Olympic Air’s new owners face tough unions, rival
reuters
By Harry Papachristou
ATHENS, April 9 (Reuters) – Greek lawmakers approved on Thursday the privatisation of Olympic Airlines after years of failed sale efforts as angry labour unions said they were determined to disrupt operations.
The Greek parliament ratified Olympic’s sale to Marfin Investment Group (MIG) (MRFr.AT: Quote, Profile, Research), Greece’s biggest buyout company, for a total of 177 million euros ($235.1 million).
MIG faces stiff competition at home and abroad while Olympic unions pledged walkouts, saying the government had been short on details on a plan to reassign staff to other public services and they feared significant pay cuts and job losses.
Technical staff staged a warning three-hour walkout on Thursday and said more action is on the way.
“If we get no assurances that the plan will be implemented there will be strikes,” said Kleanthis Tratras, a labor union member at Olympic’s maintenance unit.
The government has announced a 1.2 billion euro package including compensation and government jobs for employees who quit Olympic or won’t be rehired by its new owners.
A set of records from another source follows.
(* Let $X$ be a topological space and $p \in X$. If $X$ is productively countably tight at $p$, then $\mathsf{S}_1(\Omega_p, \Omega_p)$ holds, i.e., $X$ has countable strong fan tightness at $p$: for every sequence $(A_n)_{n \in \omega}$ of elements of $\Omega_p$ one can select $a_n \in A_n$ such that $\{a_n : n \in \omega\} \in \Omega_p$.
   Context: For a point $p$ of a space $X$, $\Omega_p$ denotes the collection of all sets $A \subset X$ such that $p \notin A$ and $p \in \overline{A}$. A space $Y$ has countable tightness at $y \in Y$ if whenever $y \in \overline{A}$ there is a countable $B \subset A$ with $y \in \overline{B}$. $X$ is productively countably tight at $p$ if for every space $Y$ and every $y \in Y$ such that $Y$ has countable tightness at $y$, the product $X \times Y$ has countable tightness at $\langle p, y\rangle$. *)

From HB Require Import structures.
From mathcomp Require Import all_boot all_order.
From mathcomp Require Import all_classical.
From mathcomp Require Import topology.
Set Implicit Arguments. Unset Strict Implicit. Unset Printing Implicit Defensive.
Local Open Scope classical_set_scope.

Definition Omega_at (X : topologicalType) (p : X) : set (set X) :=
  [set A | ~ A p /\ closure A p].

Definition countably_tight_at (Y : topologicalType) (y : Y) : Prop :=
  forall A : set Y, closure A y ->
    exists B : set Y, [/\ B `<=` A, countable B & closure B y].

Definition productively_countably_tight_at (X : topologicalType) (p : X) : Prop :=
  forall (Y : topologicalType) (y : Y),
    countably_tight_at y -> countably_tight_at ((p, y) : (X * Y)%type).

Definition S1_Omega (X : topologicalType) (p : X) : Prop :=
  forall A : nat -> set X, (forall n, Omega_at p (A n)) ->
    exists a : nat -> X, (forall n, A n (a n)) /\ Omega_at p (range a).

From mathcomp Require Import all_boot all_classical topology.
From HB Require Import structures.
Set Implicit Arguments. Unset Strict Implicit. Unset Printing Implicit Defensive.
Local Open Scope classical_set_scope.

(* Productive tightness is tested against the fan: the space with an apex and
   points (s, k) for s : nat -> nat and k : nat, in which a neighbourhood of
   the apex contains a tail k >= h s of every spine s.  The fan is countably
   tight at its apex, so X is countably tight at p and each A n may be replaced
   by a sequence e n with p in its closure.  Place above (s, k) the point
   e n (s n), where n codes the prefix of length k of s.  Then (p, apex) lies in
   the closure of this graph, hence of a countable part of it, which involves
   only countably many spines s_i.  A single selection tau agreeing eventually
   with each s_i along the codes of its prefixes gives a n = e n (tau n): a
   neighbourhood of p meets the graph at arbitrarily high points of some s_i,
   and there the graph points are terms of the sequence a. *)

Lemma nbhs_setX (X Y : topologicalType) (x : X) (y : Y) U W :
  nbhs x U -> nbhs y W -> nbhs (x, y) (U `*` W).
Proof. by move=> nU nW; exists (U, W). Qed.

Lemma closure_fst_image (X Y : topologicalType) (A : set (X * Y)) (x : X) (y : Y) :
  closure A (x, y) -> closure (fst @` A) x.
Proof.
move=> clA U nU; have [z [Az [Uz _]]] := clA _ (nbhs_setX nU filterT).
by exists z.1; split => //; exists z.
Qed.

Lemma closure_section (X Y : topologicalType) (A : set (X * Y)) (x : X) (y : Y) U :
  closure A (x, y) -> nbhs x U -> closure [set b | exists2 a, U a & A (a, b)] y.
Proof.
move=> clA nU W nW; have [[a b] [Aab [Ua Wb]]] := clA _ (nbhs_setX nU nW).
by exists b; split => //; exists a.
Qed.

Lemma countable_range (T : Type) (C : set T) :
  countable C -> C !=set0 -> exists f : nat -> T, range f = C.
Proof. by move=> /pfcard_geP [->|/surjfunPex [f fC]] [x Cx] //; exists f. Qed.

Definition fan := option ((nat -> nat) * nat).
HB.instance Definition _ := gen_eqMixin fan.
HB.instance Definition _ := gen_choiceMixin fan.

Definition fan_tail (h : (nat -> nat) -> nat) : set fan :=
  fun y => if y is Some (s, k) then (h s <= k)%N else True.

Definition fan_open (V : set fan) : Prop :=
  V None -> exists h, fan_tail h `<=` V.

Lemma fan_openT : fan_open setT.
Proof. by move=> _; exists (fun=> 0%N). Qed.

Lemma fan_openI : setI_closed fan_open.
Proof.
move=> A B oA oB [/oA [hA sA] /oB [hB sB]].
exists (fun s => maxn (hA s) (hB s)) => -[[s k] /=|_]; last by split; [apply: sA|apply: sB].
by rewrite geq_max => /andP [hAk hBk]; split; [apply: sA|apply: sB].
Qed.

Lemma fan_open_bigU (I : Type) (f : I -> set fan) :
  (forall i, fan_open (f i)) -> fan_open (\bigcup_i f i).
Proof.
move=> open_f [i _ fi]; have [h sh] := open_f i fi.
by exists h => y /sh; exists i.
Qed.

HB.instance Definition _ := isOpenTopological.Build fan fan_openT fan_openI fan_open_bigU.

Lemma nbhs_fanP (W : set fan) :
  nbhs (None : fan) W <-> exists h, fan_tail h `<=` W.
Proof.
split=> [[B [oB BN sBW]]|[h sW]].
  by have [h sh] := oB BN; exists h => y /sh /sBW.
by exists (fan_tail h); split => // _; exists h.
Qed.

Lemma fan_closure_spine (A : set fan) : closure A None -> ~ A None ->
  exists s, forall m, exists2 k, (m <= k)%N & A (Some (s, k)).
Proof.
move=> clA nAN; apply/not_existsP => noSpine.
have /choice [h hP] : forall s, exists m, forall k, (m <= k)%N -> ~ A (Some (s, k)).
  by move=> s; have /existsNP [m mP] := noSpine s; exists m => k mk Ak; apply: mP; exists k.
have [[[s k]|] [Ay tail_y]] := clA _ (proj2 (nbhs_fanP _) (ex_intro _ h (@subset_refl _ _))).
  exact: hP _ _ tail_y Ay.
exact: nAN.
Qed.

Lemma fan_countably_tight : countably_tight_at (None : fan).
Proof.
move=> A clA; have [AN|nAN] := pselect (A None).
  exists [set None]; split; [by move=> y ->|exact: countable1|].
  exact: subset_closure.
have [s sP] := fan_closure_spine clA nAN.
exists (A `&` range (fun k => Some (s, k))); split; first exact: subIsetl.
  apply: (@sub_countable _ _ _ (range (fun k => Some (s, k) : fan))).
    by apply: subset_card_le; exact: subIsetr.
  exact: card_le_trans (card_image_le _ _) (countableP _).
move=> W /nbhs_fanP [h sW]; have [k hk Ak] := sP (h s).
by exists (Some (s, k)); split; [split => //; exists k | exact: sW].
Qed.

Lemma productively_countably_tight_countably_tight (X : topologicalType) (p : X) :
  productively_countably_tight_at p -> countably_tight_at p.
Proof.
move=> pct A clA.
have clAX : closure (A `*` [set (None : fan)]) (p, None).
  move=> B [[U W] /= [nU nW] sB]; have [x [Ax Ux]] := clA U nU.
  by exists (x, None); split => //; apply: sB; split => //=; exact: nbhs_singleton nW.
have [D [sDA cD clD]] := pct fan None fan_countably_tight _ clAX.
exists (fst @` D); split.
- by move=> x [z /sDA [Az _] <-].
- exact: card_le_trans (card_image_le _ _) cD.
- exact: closure_fst_image clD.
Qed.

Lemma countably_tight_range (X : topologicalType) (p : X) (A : set X) :
  countably_tight_at p -> closure A p ->
  exists e : nat -> X, range e `<=` A /\ closure (range e) p.
Proof.
move=> tight /tight [C [sCA cC clC]].
have [x [Cx _]] := clC _ filterT.
have [e eC] := countable_range cC (ex_intro _ x Cx).
by exists e; rewrite eC.
Qed.

Definition prefix_code (s : nat -> nat) (k : nat) : nat := pickle (mkseq s k).

Lemma prefix_code_inj s s' k k' : prefix_code s k = prefix_code s' k' ->
  k = k' /\ forall j, (j < k)%N -> s j = s' j.
Proof.
move=> /(pcan_inj (@pickleK_inv _)) E.
have kk' : k = k' by rewrite -(size_mkseq s k) E size_mkseq.
by split => // j jk; subst k'; rewrite -(nth_mkseq 0 s jk) E nth_mkseq.
Qed.

Lemma prefix_code_eventually_neq s s' : s' <> s ->
  exists m, forall k k', (m <= k)%N -> prefix_code s' k' <> prefix_code s k.
Proof.
move=> neq_s's; have [j neq_j] : exists j, s' j <> s j.
  by apply/existsNP => eq_s; apply: neq_s's; apply: funext.
exists j.+1 => k k' jk /prefix_code_inj [k'k eq_s].
by apply: neq_j; apply: eq_s; rewrite k'k.
Qed.

Lemma prefix_code_eventually_avoid (F : nat -> nat -> nat) s n :
  exists m, forall i, (i < n)%N -> F i <> s ->
    forall k k', (m <= k)%N -> prefix_code (F i) k' <> prefix_code s k.
Proof.
elim: n => [|n [m mP]]; first by exists 0%N.
have [eq_Fn|neq_Fn] := pselect (F n = s).
  exists m => i; rewrite ltnS leq_eqVlt => /orP [/eqP -> //|]; exact: mP.
have [m' m'P] := prefix_code_eventually_neq neq_Fn.
exists (maxn m m') => i; rewrite ltnS leq_eqVlt => /orP [/eqP -> _|/mP iP /iP iP'] k k';
  rewrite geq_max => /andP [mk m'k]; [exact: m'P | exact: iP'].
Qed.

(* tau n follows the first F i having n as the code of one of its prefixes; two
   distinct F i have disjoint codes beyond the point where they differ. *)
Lemma diagonal_selector (F : nat -> nat -> nat) : exists tau : nat -> nat,
  forall i, exists m, forall k, (m <= k)%N ->
    tau (prefix_code (F i) k) = F i (prefix_code (F i) k).
Proof.
pose coded n : pred nat := fun i => `[< exists k, prefix_code (F i) k = n >].
pose tau n := if pselect (exists i, coded n i) is left ex then F (ex_minn ex) n else 0%N.
exists tau => i; have [m mP] := prefix_code_eventually_avoid F (F i) i.
exists m => k mk; rewrite /tau; case: pselect => [ex|[]]; last first.
  by exists i; apply/asboolP; exists k.
case: ex_minnP => i0 /asboolP [k' codeE] min_i0.
have i0i : (i0 <= i)%N by apply: min_i0; apply/asboolP; exists k.
have [-> //|neq_F] := pselect (F i0 = F i).
move: i0i; rewrite leq_eqVlt => /orP [/eqP eq_i0|i0i]; first by rewrite eq_i0 in neq_F.
by case: (mP i0 i0i neq_F k k' mk).
Qed.

Section FanGraph.
Variables (X : topologicalType) (e : nat -> nat -> X).

Definition fan_graph_point (s : nat -> nat) (k : nat) : X :=
  e (prefix_code s k) (s (prefix_code s k)).

Definition fan_graph : set (X * fan) :=
  [set z | exists s k, z = (fan_graph_point s k, Some (s, k))].

Lemma fan_graph_None x : ~ fan_graph (x, None).
Proof. by move=> [s [k []]]. Qed.

Lemma fan_graph_Some x s k : fan_graph (x, Some (s, k)) -> x = fan_graph_point s k.
Proof. by move=> [s' [k' [-> -> ->]]]. Qed.

Variable p : X.
Hypothesis closure_e : forall n, closure (range (e n)) p.

Lemma closure_fan_graph : closure fan_graph (p, None).
Proof.
move=> B [[U W] /= [nU /nbhs_fanP [h sW]] sB].
have /choice [s sU] : forall n, exists j, U (e n j).
  by move=> n; have [_ [[j _ <-] Ux]] := closure_e n nU; exists j.
exists (fan_graph_point s (h s), Some (s, h s)); split; first by exists s, (h s).
by apply: sB; split => /=; [exact: sU | apply: sW => /=].
Qed.

Lemma fan_graph_selection (D : set (X * fan)) :
  D `<=` fan_graph -> countable D -> closure D (p, None) ->
  exists tau : nat -> nat, closure (range (fun n => e n (tau n))) p.
Proof.
move=> sDG cD clD.
pose spine (z : X * fan) := if z.2 is Some (s, _) then s else fun=> 0%N.
have [F FE] : exists F : nat -> nat -> nat, range F = spine @` D.
  apply: countable_range; first exact: card_le_trans (card_image_le _ _) cD.
  by have [z [Dz _]] := clD _ filterT; exists (spine z), z.
have [tau tauP] := diagonal_selector F.
exists tau => U nU.
have [s sP] : exists s, forall m, exists2 k, (m <= k)%N &
    [set b | exists2 x, U x & D (x, b)] (Some (s, k)).
  apply: fan_closure_spine; first exact: closure_section clD nU.
  by move=> [x _ /sDG /fan_graph_None].
have [k0 _ [x0 _ Dx0]] := sP 0%N.
have [i _ Fis] : range F s by rewrite FE; exists (x0, Some (s, k0)).
have [m mP] := tauP i.
have [k mk [x Ux /sDG /fan_graph_Some xE]] := sP m.
exists x; split; last exact: Ux.
exists (prefix_code s k); first by [].
by rewrite xE /fan_graph_point -Fis (mP k mk).
Qed.

End FanGraph.

Theorem theorem2p7 (X : topologicalType) (p : X) :
  productively_countably_tight_at p -> S1_Omega p.
Proof.
move=> pct A AP.
have tight := productively_countably_tight_countably_tight pct.
have /choice [e eP] : forall n, exists e : nat -> X,
    range e `<=` A n /\ closure (range e) p.
  by move=> n; exact: countably_tight_range tight (AP n).2.
have [D [sDG cD clD]] :=
  pct fan None fan_countably_tight _ (closure_fan_graph (fun n => (eP n).2)).
have [tau closure_tau] := fan_graph_selection sDG cD clD.
have e_A n : A n (e n (tau n)) by apply: (eP n).1; exists (tau n).
exists (fun n => e n (tau n)); split => //; split => // -[n _ pE].
by apply: (AP n).1; rewrite -pE.
Qed.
“Just show us the money and tell us where the new jobs will be,” said Markos Kandilakis, Chairman of Olympic’s umbrella union OSPA, which represents 7,000 employees.
Apart from labour reaction, MIG faces a series of other obstacles in turning around the ailing Olympic, analysts said.
“The international crisis makes it much more difficult to turn around an airline that has already very poor marketing,” said Rigas Doganis, a visiting professor for aviation at Cranfield University in the UK and former Olympic chairman.
Olympic will also face sharp competition from domestic rival Aegean Airlines (AGNr.AT: Quote, Profile, Research), whose bid to buy Olympic Air was shrugged off by the government on competition grounds.
Aegean, a smaller airline with about 2,400 employees, has overtaken Olympic in Greece’s domestic market. Foreign carriers control the biggest part of Greece’s airline market.
“A merger would have made sense. The two airlines duplicate each other,” Doganis said.
Weighed down by mismanagement under state ownership, Olympic piled up losses of 2.6 billion euros since the 1990s.
MIG, whose biggest shareholder is Dubai Financial, assumes Olympic’s management in October and has not detailed its plans. It said last month it expects to make Olympic profitable by 2011. (Reporting by Harry Papachristou; Editing by Jon Loades-Carter)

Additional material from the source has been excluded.